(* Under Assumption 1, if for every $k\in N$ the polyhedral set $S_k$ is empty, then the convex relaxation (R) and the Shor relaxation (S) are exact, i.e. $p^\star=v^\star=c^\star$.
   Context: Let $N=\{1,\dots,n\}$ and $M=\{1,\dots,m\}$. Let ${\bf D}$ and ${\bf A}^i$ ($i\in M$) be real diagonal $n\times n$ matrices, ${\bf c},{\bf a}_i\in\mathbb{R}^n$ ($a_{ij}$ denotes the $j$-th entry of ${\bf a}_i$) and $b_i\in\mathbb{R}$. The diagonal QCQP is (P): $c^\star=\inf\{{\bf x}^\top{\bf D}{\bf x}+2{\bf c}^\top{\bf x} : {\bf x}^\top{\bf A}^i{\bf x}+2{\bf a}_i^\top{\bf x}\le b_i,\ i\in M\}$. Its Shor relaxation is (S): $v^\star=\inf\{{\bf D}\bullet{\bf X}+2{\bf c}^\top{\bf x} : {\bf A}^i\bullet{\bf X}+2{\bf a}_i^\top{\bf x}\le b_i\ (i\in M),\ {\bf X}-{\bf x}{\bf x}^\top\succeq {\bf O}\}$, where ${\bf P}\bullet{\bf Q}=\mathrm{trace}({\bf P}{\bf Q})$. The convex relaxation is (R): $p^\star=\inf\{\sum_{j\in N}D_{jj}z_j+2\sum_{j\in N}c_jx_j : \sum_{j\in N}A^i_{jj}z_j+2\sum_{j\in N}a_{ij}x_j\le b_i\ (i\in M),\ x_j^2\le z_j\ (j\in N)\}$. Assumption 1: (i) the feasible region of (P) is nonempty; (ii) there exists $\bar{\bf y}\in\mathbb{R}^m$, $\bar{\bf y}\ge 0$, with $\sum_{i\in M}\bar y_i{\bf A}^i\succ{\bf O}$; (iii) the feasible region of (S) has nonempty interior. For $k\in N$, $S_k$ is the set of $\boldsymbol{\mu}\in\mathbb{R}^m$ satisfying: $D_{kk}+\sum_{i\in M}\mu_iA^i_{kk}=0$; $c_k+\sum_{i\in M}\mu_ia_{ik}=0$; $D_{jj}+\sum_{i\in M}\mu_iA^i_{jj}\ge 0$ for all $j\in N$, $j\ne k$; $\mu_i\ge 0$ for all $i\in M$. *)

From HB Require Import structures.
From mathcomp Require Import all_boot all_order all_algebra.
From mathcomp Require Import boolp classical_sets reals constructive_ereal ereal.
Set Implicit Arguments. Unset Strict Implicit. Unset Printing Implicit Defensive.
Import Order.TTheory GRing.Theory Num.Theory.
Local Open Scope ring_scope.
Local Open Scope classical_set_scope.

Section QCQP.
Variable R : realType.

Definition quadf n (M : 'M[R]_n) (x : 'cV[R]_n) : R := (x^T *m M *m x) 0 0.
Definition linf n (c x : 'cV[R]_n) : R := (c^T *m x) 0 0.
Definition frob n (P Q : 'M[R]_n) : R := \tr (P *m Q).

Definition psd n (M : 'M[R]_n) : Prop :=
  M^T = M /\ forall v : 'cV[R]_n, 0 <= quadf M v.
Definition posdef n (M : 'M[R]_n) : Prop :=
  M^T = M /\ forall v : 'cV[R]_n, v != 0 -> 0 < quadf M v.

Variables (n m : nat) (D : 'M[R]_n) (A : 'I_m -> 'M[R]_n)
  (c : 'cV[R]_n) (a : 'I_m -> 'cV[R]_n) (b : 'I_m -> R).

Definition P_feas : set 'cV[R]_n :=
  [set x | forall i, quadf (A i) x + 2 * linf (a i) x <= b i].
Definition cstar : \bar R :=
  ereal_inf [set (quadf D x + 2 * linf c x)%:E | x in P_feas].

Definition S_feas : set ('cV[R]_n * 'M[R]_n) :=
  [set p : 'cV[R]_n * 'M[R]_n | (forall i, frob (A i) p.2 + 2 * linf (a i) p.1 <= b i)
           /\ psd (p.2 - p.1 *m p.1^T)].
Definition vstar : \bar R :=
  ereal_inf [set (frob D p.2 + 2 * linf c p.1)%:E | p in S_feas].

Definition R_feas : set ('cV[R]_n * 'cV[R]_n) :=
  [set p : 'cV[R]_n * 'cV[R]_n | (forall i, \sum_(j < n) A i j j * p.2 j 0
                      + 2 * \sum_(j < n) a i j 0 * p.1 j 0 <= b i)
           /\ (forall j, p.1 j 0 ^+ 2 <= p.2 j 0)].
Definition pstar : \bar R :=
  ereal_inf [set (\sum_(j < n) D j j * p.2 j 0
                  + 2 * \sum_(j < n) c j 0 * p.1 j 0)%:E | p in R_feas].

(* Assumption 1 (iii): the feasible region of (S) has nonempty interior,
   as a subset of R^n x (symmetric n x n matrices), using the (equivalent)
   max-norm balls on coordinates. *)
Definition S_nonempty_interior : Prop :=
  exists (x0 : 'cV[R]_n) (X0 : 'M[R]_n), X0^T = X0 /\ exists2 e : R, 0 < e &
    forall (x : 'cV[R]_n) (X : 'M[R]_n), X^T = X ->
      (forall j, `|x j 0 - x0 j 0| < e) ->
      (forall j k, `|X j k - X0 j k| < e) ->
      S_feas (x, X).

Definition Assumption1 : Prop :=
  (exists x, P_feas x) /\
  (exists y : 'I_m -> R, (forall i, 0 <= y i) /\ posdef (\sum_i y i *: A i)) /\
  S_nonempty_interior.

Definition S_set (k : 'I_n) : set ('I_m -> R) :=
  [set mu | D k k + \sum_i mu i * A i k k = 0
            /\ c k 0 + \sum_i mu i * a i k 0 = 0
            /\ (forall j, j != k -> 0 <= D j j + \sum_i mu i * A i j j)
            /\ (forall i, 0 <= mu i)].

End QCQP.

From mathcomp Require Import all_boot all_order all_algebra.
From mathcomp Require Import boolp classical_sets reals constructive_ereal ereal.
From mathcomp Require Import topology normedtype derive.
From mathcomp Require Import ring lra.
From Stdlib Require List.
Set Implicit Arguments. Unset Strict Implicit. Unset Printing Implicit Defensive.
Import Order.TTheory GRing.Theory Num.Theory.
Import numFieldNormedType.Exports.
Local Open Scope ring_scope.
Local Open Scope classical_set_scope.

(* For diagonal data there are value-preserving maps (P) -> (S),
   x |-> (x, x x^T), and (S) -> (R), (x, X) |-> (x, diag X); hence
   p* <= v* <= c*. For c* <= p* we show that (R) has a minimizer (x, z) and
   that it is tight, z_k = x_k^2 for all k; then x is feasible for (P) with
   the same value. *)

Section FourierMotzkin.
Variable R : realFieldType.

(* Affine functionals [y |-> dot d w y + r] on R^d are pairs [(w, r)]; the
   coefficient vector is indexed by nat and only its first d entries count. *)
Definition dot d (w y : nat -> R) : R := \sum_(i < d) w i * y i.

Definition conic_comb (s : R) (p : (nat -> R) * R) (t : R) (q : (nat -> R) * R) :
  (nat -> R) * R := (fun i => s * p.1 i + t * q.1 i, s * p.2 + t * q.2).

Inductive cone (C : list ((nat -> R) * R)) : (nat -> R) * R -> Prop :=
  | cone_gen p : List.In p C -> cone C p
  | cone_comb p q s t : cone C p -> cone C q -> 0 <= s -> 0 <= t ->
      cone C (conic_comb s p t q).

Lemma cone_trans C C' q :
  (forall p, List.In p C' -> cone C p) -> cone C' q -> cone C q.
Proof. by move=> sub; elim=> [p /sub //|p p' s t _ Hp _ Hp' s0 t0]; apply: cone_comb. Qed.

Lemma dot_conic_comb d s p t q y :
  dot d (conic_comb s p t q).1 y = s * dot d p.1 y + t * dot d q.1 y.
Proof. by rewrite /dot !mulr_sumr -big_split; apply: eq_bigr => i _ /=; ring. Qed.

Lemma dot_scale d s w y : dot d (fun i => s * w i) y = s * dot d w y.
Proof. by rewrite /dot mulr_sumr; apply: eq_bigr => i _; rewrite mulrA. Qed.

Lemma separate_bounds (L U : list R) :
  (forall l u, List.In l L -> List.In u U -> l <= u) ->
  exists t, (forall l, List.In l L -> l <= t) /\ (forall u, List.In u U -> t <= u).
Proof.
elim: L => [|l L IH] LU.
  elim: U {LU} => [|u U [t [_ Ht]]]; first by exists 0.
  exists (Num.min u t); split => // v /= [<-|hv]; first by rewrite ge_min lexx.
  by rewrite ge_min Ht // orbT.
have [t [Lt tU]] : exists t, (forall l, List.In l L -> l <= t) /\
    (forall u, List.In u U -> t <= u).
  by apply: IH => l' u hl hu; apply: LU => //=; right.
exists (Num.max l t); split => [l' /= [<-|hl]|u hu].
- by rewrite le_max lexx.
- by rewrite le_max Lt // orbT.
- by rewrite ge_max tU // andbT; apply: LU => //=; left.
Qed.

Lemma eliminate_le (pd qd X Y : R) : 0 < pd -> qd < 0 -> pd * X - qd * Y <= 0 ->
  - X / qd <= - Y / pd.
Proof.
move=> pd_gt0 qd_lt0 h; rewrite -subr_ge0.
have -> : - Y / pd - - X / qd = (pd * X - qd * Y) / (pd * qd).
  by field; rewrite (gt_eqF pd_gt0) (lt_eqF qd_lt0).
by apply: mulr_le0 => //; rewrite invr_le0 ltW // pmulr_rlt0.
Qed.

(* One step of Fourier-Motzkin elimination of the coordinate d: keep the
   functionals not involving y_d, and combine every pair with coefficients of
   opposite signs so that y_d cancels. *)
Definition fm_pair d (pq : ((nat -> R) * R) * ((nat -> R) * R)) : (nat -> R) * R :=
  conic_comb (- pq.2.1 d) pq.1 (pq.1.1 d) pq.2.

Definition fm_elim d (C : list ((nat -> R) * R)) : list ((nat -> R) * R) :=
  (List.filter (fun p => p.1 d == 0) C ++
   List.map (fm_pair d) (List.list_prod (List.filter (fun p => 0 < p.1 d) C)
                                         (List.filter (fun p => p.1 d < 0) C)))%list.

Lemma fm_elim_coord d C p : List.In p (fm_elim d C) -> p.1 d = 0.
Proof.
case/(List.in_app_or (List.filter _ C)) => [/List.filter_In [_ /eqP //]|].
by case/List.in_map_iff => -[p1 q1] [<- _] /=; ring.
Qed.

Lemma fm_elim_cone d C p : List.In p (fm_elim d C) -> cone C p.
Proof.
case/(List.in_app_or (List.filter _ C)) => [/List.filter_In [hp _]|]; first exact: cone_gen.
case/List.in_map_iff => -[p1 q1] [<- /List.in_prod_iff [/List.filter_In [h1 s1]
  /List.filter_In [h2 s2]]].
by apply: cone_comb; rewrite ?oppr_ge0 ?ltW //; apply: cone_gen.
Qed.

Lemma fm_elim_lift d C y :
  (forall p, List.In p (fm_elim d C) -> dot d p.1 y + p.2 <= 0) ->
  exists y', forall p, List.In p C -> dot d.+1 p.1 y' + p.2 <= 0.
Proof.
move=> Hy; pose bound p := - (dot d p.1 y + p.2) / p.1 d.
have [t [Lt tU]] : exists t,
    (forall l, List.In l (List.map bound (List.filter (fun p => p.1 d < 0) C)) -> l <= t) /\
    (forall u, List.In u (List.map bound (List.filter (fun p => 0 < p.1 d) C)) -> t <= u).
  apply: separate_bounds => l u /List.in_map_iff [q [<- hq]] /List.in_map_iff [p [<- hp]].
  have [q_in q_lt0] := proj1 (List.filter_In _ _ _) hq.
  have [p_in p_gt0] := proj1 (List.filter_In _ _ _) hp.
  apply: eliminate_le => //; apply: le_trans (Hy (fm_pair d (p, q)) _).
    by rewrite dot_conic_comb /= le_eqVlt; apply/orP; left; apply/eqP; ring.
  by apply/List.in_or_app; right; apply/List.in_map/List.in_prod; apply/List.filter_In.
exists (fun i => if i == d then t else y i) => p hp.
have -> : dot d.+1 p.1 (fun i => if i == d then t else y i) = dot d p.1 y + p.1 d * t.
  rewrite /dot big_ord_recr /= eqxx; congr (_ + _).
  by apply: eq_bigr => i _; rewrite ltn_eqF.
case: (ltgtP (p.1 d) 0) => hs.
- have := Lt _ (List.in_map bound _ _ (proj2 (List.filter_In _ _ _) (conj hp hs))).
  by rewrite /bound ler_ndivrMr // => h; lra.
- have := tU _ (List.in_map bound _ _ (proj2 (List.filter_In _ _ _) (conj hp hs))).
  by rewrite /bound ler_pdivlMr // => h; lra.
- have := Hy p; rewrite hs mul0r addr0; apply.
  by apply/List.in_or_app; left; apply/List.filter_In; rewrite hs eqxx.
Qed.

——————————

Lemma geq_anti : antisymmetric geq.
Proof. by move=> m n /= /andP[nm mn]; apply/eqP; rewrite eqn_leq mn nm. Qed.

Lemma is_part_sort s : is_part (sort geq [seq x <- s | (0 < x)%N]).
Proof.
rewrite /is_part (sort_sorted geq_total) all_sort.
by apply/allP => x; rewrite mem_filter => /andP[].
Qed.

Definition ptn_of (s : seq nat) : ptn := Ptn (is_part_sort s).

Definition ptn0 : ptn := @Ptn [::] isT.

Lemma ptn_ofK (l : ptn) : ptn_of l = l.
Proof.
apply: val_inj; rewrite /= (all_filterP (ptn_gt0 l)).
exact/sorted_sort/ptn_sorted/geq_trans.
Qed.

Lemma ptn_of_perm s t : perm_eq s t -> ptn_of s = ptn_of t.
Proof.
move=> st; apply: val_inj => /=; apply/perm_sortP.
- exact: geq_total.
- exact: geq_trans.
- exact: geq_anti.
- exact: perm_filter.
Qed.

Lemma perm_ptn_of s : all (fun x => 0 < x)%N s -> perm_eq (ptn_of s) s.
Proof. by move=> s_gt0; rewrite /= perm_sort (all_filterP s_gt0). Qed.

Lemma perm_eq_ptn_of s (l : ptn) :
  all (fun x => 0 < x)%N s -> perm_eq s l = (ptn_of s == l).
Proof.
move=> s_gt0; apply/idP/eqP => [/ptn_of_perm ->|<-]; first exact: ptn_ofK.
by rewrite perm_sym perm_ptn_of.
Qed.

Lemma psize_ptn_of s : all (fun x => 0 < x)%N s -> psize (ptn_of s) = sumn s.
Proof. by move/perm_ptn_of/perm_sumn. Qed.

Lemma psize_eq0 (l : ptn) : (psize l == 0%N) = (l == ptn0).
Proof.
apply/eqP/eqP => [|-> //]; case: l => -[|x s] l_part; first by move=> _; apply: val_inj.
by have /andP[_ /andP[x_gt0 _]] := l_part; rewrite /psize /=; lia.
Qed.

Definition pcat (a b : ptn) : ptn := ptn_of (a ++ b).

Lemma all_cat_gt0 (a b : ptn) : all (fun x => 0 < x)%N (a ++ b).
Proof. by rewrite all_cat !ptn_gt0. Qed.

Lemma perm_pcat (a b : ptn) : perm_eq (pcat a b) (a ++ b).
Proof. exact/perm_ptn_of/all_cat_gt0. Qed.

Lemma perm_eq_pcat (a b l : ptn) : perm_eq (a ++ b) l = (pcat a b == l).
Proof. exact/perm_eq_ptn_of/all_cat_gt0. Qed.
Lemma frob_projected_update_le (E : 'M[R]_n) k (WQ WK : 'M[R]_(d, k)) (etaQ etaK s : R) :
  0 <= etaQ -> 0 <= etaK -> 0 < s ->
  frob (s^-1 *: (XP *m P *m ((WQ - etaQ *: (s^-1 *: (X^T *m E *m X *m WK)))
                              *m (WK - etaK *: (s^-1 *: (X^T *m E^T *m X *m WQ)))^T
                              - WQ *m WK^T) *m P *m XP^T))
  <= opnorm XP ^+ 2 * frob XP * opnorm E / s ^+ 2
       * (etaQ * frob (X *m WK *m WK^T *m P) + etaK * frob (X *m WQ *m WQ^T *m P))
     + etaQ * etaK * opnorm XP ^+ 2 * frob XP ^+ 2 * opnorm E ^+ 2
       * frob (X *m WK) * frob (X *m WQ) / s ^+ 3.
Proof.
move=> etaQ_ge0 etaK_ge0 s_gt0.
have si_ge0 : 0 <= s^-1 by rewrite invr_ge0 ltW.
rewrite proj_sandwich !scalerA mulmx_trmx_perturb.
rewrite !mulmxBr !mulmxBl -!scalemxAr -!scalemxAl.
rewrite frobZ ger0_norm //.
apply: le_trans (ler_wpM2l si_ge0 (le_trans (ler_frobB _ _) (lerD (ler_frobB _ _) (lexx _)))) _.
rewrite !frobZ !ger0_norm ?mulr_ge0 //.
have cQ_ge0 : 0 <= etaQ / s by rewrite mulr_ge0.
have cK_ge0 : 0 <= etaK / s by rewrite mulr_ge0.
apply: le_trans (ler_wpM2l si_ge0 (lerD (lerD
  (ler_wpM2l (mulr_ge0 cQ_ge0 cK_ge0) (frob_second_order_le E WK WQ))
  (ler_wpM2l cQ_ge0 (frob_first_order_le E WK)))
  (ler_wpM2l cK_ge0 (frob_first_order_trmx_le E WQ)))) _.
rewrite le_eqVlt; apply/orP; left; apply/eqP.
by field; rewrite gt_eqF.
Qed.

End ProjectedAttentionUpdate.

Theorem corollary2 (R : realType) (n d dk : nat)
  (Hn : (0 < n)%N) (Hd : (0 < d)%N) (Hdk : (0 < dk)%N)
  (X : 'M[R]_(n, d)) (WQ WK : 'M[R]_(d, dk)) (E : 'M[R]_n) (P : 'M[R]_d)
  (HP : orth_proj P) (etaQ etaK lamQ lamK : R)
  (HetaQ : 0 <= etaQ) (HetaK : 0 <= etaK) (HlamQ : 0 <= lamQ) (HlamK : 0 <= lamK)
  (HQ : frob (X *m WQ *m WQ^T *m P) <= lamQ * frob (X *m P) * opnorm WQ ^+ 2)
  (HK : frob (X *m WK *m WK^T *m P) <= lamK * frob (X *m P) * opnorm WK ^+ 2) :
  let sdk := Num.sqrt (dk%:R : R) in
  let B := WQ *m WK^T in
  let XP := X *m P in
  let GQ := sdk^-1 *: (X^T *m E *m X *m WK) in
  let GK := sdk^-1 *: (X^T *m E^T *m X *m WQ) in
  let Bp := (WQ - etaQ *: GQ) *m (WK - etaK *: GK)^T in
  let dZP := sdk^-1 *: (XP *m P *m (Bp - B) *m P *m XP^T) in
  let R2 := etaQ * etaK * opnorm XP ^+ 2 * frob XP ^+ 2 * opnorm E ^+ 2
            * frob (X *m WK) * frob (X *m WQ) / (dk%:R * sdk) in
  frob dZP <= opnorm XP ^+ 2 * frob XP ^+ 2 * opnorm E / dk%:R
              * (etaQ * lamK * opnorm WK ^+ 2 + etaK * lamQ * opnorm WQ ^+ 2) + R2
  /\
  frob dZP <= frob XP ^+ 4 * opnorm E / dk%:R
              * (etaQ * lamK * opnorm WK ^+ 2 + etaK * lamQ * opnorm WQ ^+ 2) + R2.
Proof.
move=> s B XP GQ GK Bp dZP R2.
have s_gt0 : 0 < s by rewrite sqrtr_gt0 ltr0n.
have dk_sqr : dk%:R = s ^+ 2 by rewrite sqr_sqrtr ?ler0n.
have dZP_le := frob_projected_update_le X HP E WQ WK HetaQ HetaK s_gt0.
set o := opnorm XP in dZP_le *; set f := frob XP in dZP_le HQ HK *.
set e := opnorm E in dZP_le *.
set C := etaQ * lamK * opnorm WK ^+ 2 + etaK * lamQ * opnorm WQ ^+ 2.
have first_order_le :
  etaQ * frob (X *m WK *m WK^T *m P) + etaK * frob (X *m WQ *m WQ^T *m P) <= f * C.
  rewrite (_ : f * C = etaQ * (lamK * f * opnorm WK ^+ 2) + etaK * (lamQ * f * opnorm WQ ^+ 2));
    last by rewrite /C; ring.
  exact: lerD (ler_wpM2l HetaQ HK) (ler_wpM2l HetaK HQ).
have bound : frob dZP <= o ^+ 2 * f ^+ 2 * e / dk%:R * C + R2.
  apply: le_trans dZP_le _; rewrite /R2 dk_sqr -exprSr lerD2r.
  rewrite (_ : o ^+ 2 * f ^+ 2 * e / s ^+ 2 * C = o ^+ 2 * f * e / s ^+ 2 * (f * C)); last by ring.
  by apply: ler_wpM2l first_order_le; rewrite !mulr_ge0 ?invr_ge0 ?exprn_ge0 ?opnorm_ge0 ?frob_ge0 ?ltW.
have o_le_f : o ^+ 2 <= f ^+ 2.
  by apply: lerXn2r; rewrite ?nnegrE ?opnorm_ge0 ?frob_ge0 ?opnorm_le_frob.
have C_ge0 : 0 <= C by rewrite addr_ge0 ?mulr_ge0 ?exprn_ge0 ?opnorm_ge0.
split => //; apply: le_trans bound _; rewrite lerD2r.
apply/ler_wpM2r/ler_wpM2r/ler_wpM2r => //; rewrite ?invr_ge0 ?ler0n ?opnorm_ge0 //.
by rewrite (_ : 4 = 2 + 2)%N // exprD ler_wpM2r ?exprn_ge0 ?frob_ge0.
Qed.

——————————

What is needed: Looking back over the data above, restate word for word the lines that begin at the line with "by rewrite dot_conic_comb" and end at the line with "case: (ltgtP (p.1 d) 0) => hs.", inclusive.

Response for this exercise:
    by rewrite dot_conic_comb /= le_eqVlt; apply/orP; left; apply/eqP; ring.
  by apply/List.in_or_app; right; apply/List.in_map/List.in_prod; apply/List.filter_In.
exists (fun i => if i == d then t else y i) => p hp.
have -> : dot d.+1 p.1 (fun i => if i == d then t else y i) = dot d p.1 y + p.1 d * t.
  rewrite /dot big_ord_recr /= eqxx; congr (_ + _).
  by apply: eq_bigr => i _; rewrite ltn_eqF.
case: (ltgtP (p.1 d) 0) => hs.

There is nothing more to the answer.